Bloomberg — Arminio Fraga wants to be clear on this point. He does not regret his decision to publicly back Luiz Inacio Lula da Silva’s successful bid this October to return to the presidential palace in Brasilia.
But Fraga, one of Brazil’s most famous investors and an acclaimed former central banker, is not shy about expressing the angst he feels as he watches Lula and his economic team map out a plan to aggressively boost government spending in 2023. That extra cash Lula wants to dole out — some $28 billion in all — to fulfill campaign promises and bolster social welfare programs will stoke consumer demand, he warned, and set back efforts to tame the worst inflation surge the country has seen in two decades.
“I see old ideas that have never worked for us,” Fraga, 65, said in an interview in Rio de Janeiro, where his hedge fund, Gavea Investimentos Ltda, is based.
Ahead of taking office on Jan. 1, Lula is seeking congressional approval to raise Brazil’s spending cap, a rule that limits the growth of public expenditures to the inflation rate, by 145 billion reais, or nearly $28 billion. It won’t be the first time the country’s main fiscal anchor is broken. Outgoing President Jair Bolsonaro first did it during the pandemic, and then again this year to improve his re-election chances.
But now, “we’re about to see a massive fiscal expansion in an economy that is no longer in crisis,” Fraga said, expressing concern about the impact of such policies on investor confidence. “Labor markets are getting tight, inflation is high.”
Put bluntly, the incoming administration’s intention to keep injecting stimulus, likely taking the primary budget deficit to nearly 2% of gross domestic product next year, “makes no sense,” he said.
‘Shaky Situation’
Fraga, like many of the nation’s most prominent economists, threw his support behind Lula during a bruising presidential runoff. Concerns about the impact of another four years of Bolsonaro on Brazil’s young democracy united both allies and former critics of the two-term former president.

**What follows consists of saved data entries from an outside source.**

(* Let $\mathbb{F}_q$ be a finite field with $\mathrm{char}(\mathbb{F}_q)>3$ and $3\mid q-1$, and let $z\in\mathbb{F}_q^\times$ be a non-cube. Then $\mathfrak{sl}_3(\mathbb{F}_q)$ has exactly two $J_3$-decompositions up to conjugacy, represented by $J_3(1,1)$ and $J_3(1,z)$. More precisely: $J_3(1,z^2)$ is conjugate to $J_3(1,z)$, $J_3(1,z)$ is not conjugate to $J_3(1,1)$, and every $J_3(a,b)$ with $a,b\in\mathbb{F}_q^\times$ is conjugate to one of $J_3(1,1)$, $J_3(1,z)$.
   Context: $\mathfrak{sl}_3(\mathbb{F}_q)$ is the Lie algebra of $3\times3$ traceless matrices over $\mathbb{F}_q$. Fix a primitive cube root of unity $u\in\mathbb{F}_q$. For nonzero $a,b\in\mathbb{F}_q$, $J_3(a,b)$ denotes the decomposition $\mathfrak{sl}_3(\mathbb{F}_q)=H_0\oplus H_1\oplus H_2\oplus H_3$, where $H_0$ is the subalgebra of traceless diagonal matrices and, for $j=1,2,3$ with $(\lambda_j,\mu_j)=(1,1),(u,u^2),(u^2,u)$ respectively, $H_j=\left\langle \begin{pmatrix}0&1&0\\0&0&\lambda_j a\\ \mu_j ab&0&0\end{pmatrix},\begin{pmatrix}0&0&1\\ \mu_j ab&0&0\\0&\lambda_j b&0\end{pmatrix}\right\rangle_{\mathbb{F}_q}$. A $J_3$-decomposition is any decomposition $J_3(a,b)$ with $a,b\in\mathbb{F}_q^\times$. Two such decompositions are conjugate if there is a Lie algebra automorphism of $\mathfrak{sl}_3(\mathbb{F}_q)$ mapping each component of the first onto exactly one component of the second. *)

From HB Require Import structures.
From mathcomp Require Import all_boot all_order all_algebra all_fingroup all_field.
Set Implicit Arguments. Unset Strict Implicit. Unset Printing Implicit Defensive.
Import GRing.Theory.
Local Open Scope ring_scope.
Section Initiality.
Context {Y : Type} (actY : perm -> Y -> Y) (beta : FT Y actY -> Y).
Hypotheses (HY : is_nominal actY) (Hbeta : equivariant (actF actY) actY beta).

Fixpoint bar_fold (w : list barletter) : Y :=
  match w with
  | [] => beta (inl (inl tt))
  | Nm a :: u => beta (inl (inr (a, bar_fold u)))
  | Bd a :: u => beta (inr (abs_cls actY a (bar_fold u)))
  end.

Lemma bar_fold_equivariant : equivariant wact actY bar_fold.
Proof.
  intros p w. induction w as [|[a|a] u IH]; simpl; rewrite ?IH, <- Hbeta; [reflexivity..|].
  rewrite actF_abs_cls by exact HY. reflexivity.
Qed.

Lemma bar_fold_app x y1 y2 : bar_fold y1 = bar_fold y2 -> bar_fold (x ++ y1) = bar_fold (x ++ y2).
Proof. intro H. induction x as [|[a|a] x IH]; simpl; rewrite ?IH; assumption || reflexivity. Qed.

Lemma bar_fold_alpha u v : alpha_eq u v -> bar_fold u = bar_fold v.
Proof.
  apply (alpha_eq_respectful eq). clear u v.
  intros u v (x & a & b & v' & w' & -> & -> & E). apply bar_fold_app. simpl. do 2 f_equal.
  exact (abs_cls_equivariant wact actY wact_nominal HY bar_fold bar_fold_equivariant a v' b w' E).
Qed.

Definition barq_fold (c : BarQ) : Y := bar_fold (rep c).

Lemma barq_fold_bcls w : barq_fold (bcls w) = bar_fold w.
Proof. apply bar_fold_alpha, rep_bcls. Qed.

Lemma barq_fold_equivariant : equivariant BarQ_act actY barq_fold.
Proof.
  intros p c. destruct (bcls_surj c) as [w ->].
  rewrite BarQ_act_bcls, !barq_fold_bcls. apply bar_fold_equivariant.
Qed.

Lemma barq_fold_Fhom : is_Fhom BarQ_act actY iota beta barq_fold.
Proof.
  intros [[[]|[a c]]|d].
  - apply barq_fold_bcls.
  - destruct (bcls_surj c) as [w ->].
    rewrite iota_Nm, barq_fold_bcls. simpl. rewrite barq_fold_bcls. reflexivity.
  - destruct (abs_cls_surj BarQ_act d) as [a [c ->]]. destruct (bcls_surj c) as [w ->].
    rewrite iota_Bd, barq_fold_bcls, Fmap_abs_cls, barq_fold_bcls;
      auto using BarQ_nominal, barq_fold_equivariant.
Qed.

Lemma Fhom_barq_unique h : equivariant BarQ_act actY h -> is_Fhom BarQ_act actY iota beta h ->
  forall c, h c = barq_fold c.
Proof.
  intros Eh Fh c. destruct (bcls_surj c) as [w ->]. rewrite barq_fold_bcls.
  induction w as [|[a|a] u IH].
  - exact (Fh (inl (inl tt))).
  - rewrite <- iota_Nm, Fh. simpl. rewrite IH. reflexivity.
  - rewrite <- iota_Bd, Fh, Fmap_abs_cls, IH; auto using BarQ_nominal.
Qed.

End Initiality.

Theorem proposition3p19 :
  (* the action and iota are well defined by the stated equations *)
  (forall p w, BarQ_act p (bcls w) = bcls (wact p w)) /\
  iota (inl (inl tt)) = bcls nil /\
  (forall a w, iota (inl (inr (a, bcls w))) = bcls (Nm a :: w)) /\
  (forall a w, iota (inr (abs_cls BarQ_act a (bcls w))) = bcls (Bd a :: w)) /\
  (* (Abar*/=alpha, iota) is the initial F-algebra in Nom *)
  is_initial_Falg BarQ_act iota.
Proof.
  split; [exact BarQ_act_bcls|]. split; [reflexivity|].
  split; [exact iota_Nm|]. split; [exact iota_Bd|].
  split; [exact BarQ_nominal|]. split; [exact iota_equivariant|].
  intros Y actY beta HY Hbeta. exists (barq_fold actY beta).
  split; [exact (barq_fold_equivariant actY beta HY Hbeta)|].
  split; [exact (barq_fold_Fhom actY beta HY Hbeta)|].
  exact (Fhom_barq_unique actY beta HY Hbeta).
Qed.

“It was not an economic call,” said Fraga, who helmed the central bank from 1999 to 2003.
Still, investors have been rattled in recent weeks by the 77-year-old leftist’s picks for his economic team. Fraga’s concerns are in line with a growing sentiment in financial markets that the president-elect’s first steps signal his third term will be one of inflationary spending and greater government intervention in the economy.
Lula’s incoming Finance Minister Fernando Haddad has tried to ease such fears by promising to present a proposal to stabilize debt levels early next year. But with tax revenue likely falling in 2023 along with commodity prices and an expected economic slowdown, Fraga stresses that a comprehensive plan needs to be announced soon.
The new government has little time to get public accounts in order because, with gross public debt running at around 75% of GDP, annual inflation at 5.9% and the key interest rate at 13.75%, Brazil’s fiscal situation is far more fragile than many of its middle-income peers, he said.
“What’s the time frame to turn that deficit into a surplus?” he said. “We can’t just hope for the best.”
Spending concerns were heightened further when Lula appointed Haddad, a former mayor and close ally, as his finance chief, giving him and the new head of national development bank BNDES the task of helping “re-industrialize” the country.
A key fear is that the new government returns to issuing high levels of subsidized credit through state-owned banks. Lenders like BNDES gave out billions of dollars in loans at below-market rates during many administrations, but Lula’s hand-picked successor, Dilma Rousseff, took the practice to new heights causing economic distortions and complicating the work of the central bank.
Fraga said he doesn’t believe such loans would return to similar levels, but any move in that direction would be concerning. At worst, if spending goes unchecked, Lula risks losing more investor confidence and even recession, he said.
Fraga also pointed to economic opportunities for Brazil, like attracting much-needed investment for its out-of-date infrastructure, which would bring in private capital. Reform of the country’s byzantine tax code, which Haddad’s team has pledged to carry out, would also significantly boost growth, he said.
Of course, the jury is still out, and much will depend on how the incoming administration proceeds in the early days.
“This is a shaky situation we’re in,” Fraga said. “There’s no room to maneuver, there’s no safety margin.”